→ **Problem statement**: Would you reproduce, without any alteration, the lines from the opening line of the entries through the line that has "P = prod_j (X" in it?

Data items
..........

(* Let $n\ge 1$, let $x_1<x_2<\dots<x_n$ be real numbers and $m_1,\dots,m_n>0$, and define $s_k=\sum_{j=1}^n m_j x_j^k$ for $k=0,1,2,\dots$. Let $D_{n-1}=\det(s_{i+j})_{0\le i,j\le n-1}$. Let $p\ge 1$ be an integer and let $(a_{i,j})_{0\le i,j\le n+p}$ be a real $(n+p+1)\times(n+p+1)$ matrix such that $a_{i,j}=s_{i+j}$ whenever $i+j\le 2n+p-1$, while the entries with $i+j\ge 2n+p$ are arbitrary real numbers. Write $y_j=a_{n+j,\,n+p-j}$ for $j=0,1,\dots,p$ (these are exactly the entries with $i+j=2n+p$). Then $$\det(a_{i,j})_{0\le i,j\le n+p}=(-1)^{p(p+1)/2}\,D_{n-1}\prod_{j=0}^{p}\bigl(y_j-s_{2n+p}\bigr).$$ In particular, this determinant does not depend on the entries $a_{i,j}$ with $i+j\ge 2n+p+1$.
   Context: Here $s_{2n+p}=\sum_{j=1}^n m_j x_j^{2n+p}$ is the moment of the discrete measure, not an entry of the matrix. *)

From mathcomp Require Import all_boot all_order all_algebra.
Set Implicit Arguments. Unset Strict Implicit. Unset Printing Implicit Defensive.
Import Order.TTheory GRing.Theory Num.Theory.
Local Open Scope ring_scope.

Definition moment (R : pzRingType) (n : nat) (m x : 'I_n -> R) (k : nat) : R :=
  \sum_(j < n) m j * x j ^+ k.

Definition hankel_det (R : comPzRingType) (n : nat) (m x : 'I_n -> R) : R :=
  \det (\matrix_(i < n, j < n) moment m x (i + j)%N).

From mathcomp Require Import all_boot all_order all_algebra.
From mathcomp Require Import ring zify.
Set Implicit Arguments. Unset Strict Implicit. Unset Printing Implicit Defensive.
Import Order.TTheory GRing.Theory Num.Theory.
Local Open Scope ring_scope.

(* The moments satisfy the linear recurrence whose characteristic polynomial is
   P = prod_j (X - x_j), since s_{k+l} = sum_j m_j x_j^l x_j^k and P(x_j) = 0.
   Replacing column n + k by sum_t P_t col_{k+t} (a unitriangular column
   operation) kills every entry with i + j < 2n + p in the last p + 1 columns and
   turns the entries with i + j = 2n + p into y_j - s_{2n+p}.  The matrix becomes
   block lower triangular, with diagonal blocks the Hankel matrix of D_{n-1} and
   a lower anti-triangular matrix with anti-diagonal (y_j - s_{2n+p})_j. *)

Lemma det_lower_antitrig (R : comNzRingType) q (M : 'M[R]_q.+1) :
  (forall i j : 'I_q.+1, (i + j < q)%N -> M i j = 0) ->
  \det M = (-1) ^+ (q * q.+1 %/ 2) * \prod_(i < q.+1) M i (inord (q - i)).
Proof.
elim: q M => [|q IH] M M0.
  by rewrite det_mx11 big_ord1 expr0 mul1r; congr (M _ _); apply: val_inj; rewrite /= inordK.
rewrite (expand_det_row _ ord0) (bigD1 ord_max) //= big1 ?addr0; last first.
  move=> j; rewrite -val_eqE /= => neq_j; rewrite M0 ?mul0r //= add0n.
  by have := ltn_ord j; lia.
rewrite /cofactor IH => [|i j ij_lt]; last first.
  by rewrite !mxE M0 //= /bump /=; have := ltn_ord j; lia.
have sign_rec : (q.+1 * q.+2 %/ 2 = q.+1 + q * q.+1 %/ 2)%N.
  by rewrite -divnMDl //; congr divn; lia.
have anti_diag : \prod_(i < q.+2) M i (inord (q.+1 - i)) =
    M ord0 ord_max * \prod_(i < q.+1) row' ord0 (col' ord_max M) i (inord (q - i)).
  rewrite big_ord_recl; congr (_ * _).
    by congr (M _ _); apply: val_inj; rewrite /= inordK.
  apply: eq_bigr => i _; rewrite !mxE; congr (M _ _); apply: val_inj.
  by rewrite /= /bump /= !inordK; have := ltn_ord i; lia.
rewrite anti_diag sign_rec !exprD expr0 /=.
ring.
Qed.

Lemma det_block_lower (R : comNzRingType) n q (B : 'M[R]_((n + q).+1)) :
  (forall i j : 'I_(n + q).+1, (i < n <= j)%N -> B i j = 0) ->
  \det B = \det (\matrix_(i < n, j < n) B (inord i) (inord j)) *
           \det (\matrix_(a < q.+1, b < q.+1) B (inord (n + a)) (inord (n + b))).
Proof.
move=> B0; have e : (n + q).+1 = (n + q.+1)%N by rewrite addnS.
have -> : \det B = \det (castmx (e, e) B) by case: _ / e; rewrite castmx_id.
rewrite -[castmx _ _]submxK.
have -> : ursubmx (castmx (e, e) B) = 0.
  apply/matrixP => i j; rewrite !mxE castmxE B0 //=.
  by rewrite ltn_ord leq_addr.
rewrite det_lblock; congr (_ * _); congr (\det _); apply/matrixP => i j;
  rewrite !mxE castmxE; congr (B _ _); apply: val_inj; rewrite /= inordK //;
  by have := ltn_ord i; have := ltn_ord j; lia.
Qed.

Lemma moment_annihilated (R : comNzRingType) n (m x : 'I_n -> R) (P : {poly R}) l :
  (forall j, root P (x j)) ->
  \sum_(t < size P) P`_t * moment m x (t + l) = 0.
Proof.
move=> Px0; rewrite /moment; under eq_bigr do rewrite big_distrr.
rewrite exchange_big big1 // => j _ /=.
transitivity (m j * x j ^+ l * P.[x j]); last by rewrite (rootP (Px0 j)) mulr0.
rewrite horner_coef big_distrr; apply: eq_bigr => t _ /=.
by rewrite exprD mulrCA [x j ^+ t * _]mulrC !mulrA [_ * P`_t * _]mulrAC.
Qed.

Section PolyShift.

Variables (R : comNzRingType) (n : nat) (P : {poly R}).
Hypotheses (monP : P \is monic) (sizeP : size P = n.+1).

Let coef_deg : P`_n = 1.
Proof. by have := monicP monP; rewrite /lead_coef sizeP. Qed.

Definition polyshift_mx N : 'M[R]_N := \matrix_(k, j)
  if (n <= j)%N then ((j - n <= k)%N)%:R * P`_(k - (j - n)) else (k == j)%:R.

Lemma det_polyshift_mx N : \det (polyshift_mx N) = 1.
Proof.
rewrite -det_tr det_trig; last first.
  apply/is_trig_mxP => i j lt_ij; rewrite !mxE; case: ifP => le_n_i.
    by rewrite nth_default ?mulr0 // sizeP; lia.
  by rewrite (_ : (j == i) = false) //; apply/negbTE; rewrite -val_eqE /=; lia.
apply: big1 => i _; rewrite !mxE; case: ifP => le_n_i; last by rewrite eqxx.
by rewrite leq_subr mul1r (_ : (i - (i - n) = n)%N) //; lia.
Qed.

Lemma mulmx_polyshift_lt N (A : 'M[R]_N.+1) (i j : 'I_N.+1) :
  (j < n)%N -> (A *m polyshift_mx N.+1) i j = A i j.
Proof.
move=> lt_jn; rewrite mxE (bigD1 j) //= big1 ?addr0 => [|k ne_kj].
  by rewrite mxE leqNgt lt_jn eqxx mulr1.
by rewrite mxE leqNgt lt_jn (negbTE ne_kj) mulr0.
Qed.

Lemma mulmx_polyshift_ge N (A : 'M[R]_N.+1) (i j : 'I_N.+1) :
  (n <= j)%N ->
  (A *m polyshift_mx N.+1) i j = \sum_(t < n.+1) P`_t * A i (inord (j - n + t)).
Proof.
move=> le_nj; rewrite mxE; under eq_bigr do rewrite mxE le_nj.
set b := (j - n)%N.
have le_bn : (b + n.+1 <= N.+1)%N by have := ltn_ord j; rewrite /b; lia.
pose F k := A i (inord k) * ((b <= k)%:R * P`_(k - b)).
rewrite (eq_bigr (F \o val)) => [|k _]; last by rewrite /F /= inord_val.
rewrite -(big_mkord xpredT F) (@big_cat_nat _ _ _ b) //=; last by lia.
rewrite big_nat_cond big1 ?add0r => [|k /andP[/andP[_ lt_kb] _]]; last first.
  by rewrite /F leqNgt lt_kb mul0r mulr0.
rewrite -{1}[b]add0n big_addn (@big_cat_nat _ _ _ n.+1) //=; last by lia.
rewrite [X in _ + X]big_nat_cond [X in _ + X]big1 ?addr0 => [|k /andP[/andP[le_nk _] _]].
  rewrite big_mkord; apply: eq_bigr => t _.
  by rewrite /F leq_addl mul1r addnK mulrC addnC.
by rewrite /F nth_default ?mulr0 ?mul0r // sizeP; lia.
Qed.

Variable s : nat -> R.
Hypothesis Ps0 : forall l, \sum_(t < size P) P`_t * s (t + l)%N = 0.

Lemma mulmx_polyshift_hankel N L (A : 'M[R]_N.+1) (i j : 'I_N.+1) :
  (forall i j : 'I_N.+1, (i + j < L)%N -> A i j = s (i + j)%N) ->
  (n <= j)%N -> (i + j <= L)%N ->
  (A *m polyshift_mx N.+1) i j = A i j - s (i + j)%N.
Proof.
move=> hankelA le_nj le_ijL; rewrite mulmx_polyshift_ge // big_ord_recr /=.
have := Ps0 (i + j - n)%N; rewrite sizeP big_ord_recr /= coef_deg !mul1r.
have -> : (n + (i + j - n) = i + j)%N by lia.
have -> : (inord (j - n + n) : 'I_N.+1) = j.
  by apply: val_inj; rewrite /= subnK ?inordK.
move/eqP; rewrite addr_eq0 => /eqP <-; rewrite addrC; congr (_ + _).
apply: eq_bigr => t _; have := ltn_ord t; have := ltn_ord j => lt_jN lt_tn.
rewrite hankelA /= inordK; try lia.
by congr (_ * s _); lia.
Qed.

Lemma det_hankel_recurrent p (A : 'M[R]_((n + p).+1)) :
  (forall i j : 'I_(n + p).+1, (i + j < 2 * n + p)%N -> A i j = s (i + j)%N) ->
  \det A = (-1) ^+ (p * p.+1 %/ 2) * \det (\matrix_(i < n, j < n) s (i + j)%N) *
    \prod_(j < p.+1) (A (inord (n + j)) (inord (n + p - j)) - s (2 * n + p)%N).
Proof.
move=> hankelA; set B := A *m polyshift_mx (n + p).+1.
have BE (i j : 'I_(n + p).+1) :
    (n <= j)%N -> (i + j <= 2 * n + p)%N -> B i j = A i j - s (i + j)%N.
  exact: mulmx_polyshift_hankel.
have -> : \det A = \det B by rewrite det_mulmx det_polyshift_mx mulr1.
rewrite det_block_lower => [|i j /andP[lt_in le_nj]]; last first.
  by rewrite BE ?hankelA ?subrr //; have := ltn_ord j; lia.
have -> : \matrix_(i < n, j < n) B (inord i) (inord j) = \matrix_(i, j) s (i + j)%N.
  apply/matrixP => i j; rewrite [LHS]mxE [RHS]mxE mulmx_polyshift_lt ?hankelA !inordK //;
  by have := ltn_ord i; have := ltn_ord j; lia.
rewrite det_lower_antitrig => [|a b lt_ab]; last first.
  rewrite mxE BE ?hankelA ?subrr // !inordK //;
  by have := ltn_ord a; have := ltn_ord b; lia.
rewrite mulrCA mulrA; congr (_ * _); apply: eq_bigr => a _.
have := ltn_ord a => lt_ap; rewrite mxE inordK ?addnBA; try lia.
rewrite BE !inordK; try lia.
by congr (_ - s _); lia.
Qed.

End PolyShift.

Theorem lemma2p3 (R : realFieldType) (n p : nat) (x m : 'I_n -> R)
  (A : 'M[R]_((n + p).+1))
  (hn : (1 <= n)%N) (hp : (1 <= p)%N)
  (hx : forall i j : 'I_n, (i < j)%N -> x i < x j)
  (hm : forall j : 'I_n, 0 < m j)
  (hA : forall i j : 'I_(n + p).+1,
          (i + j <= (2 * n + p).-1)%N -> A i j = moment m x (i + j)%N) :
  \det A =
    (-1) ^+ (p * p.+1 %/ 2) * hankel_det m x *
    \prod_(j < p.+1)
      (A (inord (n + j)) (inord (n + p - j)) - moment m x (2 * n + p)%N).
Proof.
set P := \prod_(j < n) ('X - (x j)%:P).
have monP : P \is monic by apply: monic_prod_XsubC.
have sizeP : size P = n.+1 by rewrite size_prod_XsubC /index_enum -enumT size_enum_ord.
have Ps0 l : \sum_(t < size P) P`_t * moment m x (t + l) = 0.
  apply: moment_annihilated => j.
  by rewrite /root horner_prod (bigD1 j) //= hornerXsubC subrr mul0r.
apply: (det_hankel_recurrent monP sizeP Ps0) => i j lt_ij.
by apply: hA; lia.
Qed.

..........

→ **Your response**:
(* Let $n\ge 1$, let $x_1<x_2<\dots<x_n$ be real numbers and $m_1,\dots,m_n>0$, and define $s_k=\sum_{j=1}^n m_j x_j^k$ for $k=0,1,2,\dots$. Let $D_{n-1}=\det(s_{i+j})_{0\le i,j\le n-1}$. Let $p\ge 1$ be an integer and let $(a_{i,j})_{0\le i,j\le n+p}$ be a real $(n+p+1)\times(n+p+1)$ matrix such that $a_{i,j}=s_{i+j}$ whenever $i+j\le 2n+p-1$, while the entries with $i+j\ge 2n+p$ are arbitrary real numbers. Write $y_j=a_{n+j,\,n+p-j}$ for $j=0,1,\dots,p$ (these are exactly the entries with $i+j=2n+p$). Then $$\det(a_{i,j})_{0\le i,j\le n+p}=(-1)^{p(p+1)/2}\,D_{n-1}\prod_{j=0}^{p}\bigl(y_j-s_{2n+p}\bigr).$$ In particular, this determinant does not depend on the entries $a_{i,j}$ with $i+j\ge 2n+p+1$.
   Context: Here $s_{2n+p}=\sum_{j=1}^n m_j x_j^{2n+p}$ is the moment of the discrete measure, not an entry of the matrix. *)

From mathcomp Require Import all_boot all_order all_algebra.
Set Implicit Arguments. Unset Strict Implicit. Unset Printing Implicit Defensive.
Import Order.TTheory GRing.Theory Num.Theory.
Local Open Scope ring_scope.

Definition moment (R : pzRingType) (n : nat) (m x : 'I_n -> R) (k : nat) : R :=
  \sum_(j < n) m j * x j ^+ k.

Definition hankel_det (R : comPzRingType) (n : nat) (m x : 'I_n -> R) : R :=
  \det (\matrix_(i < n, j < n) moment m x (i + j)%N).

From mathcomp Require Import all_boot all_order all_algebra.
From mathcomp Require Import ring zify.
Set Implicit Arguments. Unset Strict Implicit. Unset Printing Implicit Defensive.
Import Order.TTheory GRing.Theory Num.Theory.
Local Open Scope ring_scope.

(* The moments satisfy the linear recurrence whose characteristic polynomial is
   P = prod_j (X - x_j), since s_{k+l} = sum_j m_j x_j^l x_j^k and P(x_j) = 0.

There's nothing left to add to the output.